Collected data
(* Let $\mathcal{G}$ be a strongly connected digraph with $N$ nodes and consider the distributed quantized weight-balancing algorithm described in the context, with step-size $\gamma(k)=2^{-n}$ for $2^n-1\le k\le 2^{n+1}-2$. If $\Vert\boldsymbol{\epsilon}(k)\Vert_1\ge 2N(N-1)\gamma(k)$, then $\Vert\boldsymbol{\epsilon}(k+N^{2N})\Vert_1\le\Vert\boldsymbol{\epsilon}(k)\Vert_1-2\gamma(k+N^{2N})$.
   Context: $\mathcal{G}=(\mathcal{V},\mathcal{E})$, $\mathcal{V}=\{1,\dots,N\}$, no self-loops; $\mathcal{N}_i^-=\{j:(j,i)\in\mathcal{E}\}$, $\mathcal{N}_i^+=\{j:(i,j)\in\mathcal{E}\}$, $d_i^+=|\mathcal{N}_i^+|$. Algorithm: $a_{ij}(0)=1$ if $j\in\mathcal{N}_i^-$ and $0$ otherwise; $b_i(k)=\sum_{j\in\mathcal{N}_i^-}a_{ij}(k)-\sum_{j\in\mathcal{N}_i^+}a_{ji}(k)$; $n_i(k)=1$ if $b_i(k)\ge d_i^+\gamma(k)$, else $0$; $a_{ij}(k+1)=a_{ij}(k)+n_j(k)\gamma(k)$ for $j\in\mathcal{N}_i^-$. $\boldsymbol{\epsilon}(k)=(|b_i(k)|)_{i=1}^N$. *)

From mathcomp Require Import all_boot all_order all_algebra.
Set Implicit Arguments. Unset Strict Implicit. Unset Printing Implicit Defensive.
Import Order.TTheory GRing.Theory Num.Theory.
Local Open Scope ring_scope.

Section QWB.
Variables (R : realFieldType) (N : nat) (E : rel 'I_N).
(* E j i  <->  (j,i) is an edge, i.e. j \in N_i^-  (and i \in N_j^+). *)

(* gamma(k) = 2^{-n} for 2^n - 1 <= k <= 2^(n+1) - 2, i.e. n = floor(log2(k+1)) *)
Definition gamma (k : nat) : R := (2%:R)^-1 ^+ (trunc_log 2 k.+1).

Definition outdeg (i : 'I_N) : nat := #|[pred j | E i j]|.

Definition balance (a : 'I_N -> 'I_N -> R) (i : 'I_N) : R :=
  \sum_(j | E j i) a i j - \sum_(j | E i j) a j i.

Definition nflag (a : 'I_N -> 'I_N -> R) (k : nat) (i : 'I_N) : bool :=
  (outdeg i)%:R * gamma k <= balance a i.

---

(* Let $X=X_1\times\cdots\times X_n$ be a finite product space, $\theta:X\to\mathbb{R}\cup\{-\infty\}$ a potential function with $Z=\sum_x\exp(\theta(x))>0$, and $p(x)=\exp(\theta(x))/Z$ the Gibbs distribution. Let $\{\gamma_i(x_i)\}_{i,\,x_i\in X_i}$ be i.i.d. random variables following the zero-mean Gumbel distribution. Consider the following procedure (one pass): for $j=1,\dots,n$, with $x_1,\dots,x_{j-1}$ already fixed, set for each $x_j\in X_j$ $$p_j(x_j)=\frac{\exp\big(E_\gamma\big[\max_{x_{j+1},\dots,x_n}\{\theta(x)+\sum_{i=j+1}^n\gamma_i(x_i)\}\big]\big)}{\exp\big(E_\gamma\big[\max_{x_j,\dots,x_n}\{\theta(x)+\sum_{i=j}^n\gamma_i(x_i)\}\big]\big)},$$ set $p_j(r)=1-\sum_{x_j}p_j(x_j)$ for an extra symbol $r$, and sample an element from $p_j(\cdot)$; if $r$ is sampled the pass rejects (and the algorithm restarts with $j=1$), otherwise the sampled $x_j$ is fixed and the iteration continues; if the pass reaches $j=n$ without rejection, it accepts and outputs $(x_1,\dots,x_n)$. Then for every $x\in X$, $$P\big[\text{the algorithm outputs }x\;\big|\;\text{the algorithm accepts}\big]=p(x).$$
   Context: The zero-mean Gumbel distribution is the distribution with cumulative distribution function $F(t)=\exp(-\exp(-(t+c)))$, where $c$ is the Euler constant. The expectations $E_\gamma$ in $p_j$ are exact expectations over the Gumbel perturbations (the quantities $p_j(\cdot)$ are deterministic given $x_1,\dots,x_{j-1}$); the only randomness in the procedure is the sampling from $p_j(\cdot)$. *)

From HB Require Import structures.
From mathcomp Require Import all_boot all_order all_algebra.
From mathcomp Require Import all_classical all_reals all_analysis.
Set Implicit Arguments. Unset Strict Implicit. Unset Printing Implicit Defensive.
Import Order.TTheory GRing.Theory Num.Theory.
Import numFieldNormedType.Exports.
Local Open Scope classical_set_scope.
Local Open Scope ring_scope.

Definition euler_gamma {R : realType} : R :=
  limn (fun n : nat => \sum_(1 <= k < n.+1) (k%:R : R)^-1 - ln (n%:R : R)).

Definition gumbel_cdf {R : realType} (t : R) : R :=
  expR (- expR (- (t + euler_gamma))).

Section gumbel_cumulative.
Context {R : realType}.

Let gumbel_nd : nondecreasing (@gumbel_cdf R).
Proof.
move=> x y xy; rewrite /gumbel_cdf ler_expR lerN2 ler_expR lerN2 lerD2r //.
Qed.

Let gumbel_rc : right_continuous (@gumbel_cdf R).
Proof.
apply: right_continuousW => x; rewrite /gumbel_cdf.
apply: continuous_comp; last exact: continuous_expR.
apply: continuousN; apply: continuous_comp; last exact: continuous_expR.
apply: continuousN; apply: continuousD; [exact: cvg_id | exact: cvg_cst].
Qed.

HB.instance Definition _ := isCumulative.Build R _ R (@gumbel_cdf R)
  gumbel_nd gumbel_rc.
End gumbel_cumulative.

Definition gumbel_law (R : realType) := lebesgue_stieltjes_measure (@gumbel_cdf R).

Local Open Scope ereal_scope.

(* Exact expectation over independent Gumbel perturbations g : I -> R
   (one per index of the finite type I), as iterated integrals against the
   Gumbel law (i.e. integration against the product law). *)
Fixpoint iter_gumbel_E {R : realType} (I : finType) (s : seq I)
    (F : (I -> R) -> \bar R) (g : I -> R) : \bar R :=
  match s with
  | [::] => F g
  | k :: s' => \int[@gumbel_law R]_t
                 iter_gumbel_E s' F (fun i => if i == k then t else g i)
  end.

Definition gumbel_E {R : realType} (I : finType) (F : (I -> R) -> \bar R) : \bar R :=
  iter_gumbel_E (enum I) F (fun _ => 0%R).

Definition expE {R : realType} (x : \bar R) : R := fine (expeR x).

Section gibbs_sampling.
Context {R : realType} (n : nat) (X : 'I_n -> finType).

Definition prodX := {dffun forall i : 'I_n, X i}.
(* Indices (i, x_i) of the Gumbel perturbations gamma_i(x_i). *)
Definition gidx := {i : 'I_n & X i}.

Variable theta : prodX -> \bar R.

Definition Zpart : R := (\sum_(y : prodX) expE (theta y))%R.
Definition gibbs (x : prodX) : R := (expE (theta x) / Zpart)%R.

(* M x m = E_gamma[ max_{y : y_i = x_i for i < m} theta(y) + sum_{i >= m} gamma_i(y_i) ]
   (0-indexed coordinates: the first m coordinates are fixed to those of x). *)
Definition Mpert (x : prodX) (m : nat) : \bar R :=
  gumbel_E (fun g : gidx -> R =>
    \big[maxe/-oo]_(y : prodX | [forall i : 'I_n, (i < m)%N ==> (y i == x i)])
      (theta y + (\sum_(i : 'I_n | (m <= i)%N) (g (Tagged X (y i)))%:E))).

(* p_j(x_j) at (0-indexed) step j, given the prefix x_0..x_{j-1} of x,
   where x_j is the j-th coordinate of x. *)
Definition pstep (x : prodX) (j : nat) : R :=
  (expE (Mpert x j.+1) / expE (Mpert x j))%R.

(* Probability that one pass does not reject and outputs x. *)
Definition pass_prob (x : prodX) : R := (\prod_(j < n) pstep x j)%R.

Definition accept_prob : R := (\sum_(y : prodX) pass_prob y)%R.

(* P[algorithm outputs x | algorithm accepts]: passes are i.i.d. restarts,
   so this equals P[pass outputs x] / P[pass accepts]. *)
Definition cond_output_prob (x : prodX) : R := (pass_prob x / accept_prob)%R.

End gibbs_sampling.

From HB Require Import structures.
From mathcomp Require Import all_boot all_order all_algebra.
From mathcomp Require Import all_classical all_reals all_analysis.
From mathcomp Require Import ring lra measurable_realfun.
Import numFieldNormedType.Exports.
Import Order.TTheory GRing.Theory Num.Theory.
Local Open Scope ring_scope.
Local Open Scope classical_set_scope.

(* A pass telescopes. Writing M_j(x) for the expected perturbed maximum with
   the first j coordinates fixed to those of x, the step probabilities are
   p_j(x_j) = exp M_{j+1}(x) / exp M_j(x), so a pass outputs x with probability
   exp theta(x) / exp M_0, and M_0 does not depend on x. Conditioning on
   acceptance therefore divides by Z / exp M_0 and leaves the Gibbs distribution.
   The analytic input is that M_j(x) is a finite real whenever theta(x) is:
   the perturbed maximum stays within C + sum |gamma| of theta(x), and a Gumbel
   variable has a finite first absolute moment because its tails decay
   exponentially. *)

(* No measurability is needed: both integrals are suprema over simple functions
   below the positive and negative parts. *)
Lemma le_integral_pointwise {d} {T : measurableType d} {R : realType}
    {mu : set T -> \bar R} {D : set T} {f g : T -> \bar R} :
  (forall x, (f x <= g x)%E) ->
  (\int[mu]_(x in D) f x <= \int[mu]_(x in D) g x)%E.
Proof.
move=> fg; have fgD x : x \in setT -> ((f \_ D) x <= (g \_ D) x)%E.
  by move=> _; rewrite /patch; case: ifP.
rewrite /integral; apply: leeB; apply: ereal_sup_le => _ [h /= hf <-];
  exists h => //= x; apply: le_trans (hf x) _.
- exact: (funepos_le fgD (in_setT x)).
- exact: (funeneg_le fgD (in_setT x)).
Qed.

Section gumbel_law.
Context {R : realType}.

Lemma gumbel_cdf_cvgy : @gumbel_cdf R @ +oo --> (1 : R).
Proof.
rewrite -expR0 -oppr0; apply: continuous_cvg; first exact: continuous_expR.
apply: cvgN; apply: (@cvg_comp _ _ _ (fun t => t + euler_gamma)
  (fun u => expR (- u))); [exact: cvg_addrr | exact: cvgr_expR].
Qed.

...

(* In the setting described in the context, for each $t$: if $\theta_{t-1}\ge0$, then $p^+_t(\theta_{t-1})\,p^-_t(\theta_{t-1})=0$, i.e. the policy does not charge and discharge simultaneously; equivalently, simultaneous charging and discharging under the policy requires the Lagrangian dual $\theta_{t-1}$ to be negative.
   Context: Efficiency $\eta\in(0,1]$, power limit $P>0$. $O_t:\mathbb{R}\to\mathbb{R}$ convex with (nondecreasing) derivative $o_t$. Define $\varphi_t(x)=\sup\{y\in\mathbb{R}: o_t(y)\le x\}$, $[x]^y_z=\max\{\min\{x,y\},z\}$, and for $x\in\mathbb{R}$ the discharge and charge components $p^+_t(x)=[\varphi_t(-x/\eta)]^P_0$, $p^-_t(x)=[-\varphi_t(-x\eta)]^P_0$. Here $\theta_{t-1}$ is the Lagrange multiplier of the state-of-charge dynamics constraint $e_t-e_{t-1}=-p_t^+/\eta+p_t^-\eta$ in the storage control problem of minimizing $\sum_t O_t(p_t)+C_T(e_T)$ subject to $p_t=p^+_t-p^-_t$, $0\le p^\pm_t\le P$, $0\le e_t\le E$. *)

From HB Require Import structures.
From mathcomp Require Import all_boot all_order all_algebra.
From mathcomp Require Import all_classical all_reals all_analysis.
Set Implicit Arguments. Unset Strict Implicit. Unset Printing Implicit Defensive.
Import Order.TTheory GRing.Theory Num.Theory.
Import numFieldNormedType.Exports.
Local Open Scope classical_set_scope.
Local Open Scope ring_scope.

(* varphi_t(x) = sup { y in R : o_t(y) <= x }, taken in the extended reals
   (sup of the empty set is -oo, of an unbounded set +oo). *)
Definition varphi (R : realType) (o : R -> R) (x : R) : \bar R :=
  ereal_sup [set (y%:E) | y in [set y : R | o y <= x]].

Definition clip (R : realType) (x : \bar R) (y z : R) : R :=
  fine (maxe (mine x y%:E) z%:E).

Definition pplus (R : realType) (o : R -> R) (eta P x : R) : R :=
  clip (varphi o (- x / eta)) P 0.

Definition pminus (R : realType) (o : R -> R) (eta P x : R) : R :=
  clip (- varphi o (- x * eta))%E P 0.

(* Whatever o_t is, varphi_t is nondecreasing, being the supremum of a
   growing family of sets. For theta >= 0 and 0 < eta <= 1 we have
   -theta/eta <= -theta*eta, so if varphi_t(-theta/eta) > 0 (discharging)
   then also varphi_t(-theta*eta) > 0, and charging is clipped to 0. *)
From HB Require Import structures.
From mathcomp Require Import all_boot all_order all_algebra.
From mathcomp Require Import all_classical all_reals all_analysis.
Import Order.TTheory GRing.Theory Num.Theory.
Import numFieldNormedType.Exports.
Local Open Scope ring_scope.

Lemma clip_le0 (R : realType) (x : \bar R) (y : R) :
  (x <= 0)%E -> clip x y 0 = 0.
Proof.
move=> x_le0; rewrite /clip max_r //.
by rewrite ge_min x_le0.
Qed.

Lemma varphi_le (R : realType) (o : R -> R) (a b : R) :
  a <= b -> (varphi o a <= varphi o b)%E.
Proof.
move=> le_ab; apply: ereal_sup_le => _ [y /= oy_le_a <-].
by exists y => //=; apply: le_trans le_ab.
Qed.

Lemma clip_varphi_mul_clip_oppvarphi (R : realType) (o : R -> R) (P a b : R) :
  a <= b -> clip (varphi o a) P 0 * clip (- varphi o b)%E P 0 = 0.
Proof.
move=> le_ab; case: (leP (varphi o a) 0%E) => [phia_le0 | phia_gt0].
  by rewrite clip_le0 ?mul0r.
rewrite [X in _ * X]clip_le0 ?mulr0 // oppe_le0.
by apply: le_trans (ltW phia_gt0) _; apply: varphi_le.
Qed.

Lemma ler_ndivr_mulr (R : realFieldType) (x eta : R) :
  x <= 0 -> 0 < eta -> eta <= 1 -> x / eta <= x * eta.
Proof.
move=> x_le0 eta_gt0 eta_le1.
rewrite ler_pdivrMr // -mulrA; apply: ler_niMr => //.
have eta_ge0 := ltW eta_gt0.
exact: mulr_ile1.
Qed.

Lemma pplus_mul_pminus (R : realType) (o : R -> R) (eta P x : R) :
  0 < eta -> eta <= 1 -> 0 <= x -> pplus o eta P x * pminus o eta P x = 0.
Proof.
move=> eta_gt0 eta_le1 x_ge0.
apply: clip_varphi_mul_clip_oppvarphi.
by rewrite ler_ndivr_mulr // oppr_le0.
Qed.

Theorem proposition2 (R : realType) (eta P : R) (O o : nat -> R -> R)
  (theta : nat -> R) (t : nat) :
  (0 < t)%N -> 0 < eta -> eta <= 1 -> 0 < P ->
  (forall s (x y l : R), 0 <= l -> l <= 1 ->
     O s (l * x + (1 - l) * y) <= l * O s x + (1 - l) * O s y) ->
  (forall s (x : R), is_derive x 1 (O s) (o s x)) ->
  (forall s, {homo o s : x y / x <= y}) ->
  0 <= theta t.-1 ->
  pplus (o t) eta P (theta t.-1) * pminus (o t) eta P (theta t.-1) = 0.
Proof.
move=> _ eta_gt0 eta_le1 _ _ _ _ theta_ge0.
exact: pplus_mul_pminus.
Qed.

■ **Requirement**
When a line above includes the word "negative", please list that line.

■ **Exercise solution**
   below the positive and negative parts. *)
(* In the setting described in the context, for each $t$: if $\theta_{t-1}\ge0$, then $p^+_t(\theta_{t-1})\,p^-_t(\theta_{t-1})=0$, i.e. the policy does not charge and discharge simultaneously; equivalently, simultaneous charging and discharging under the policy requires the Lagrangian dual $\theta_{t-1}$ to be negative.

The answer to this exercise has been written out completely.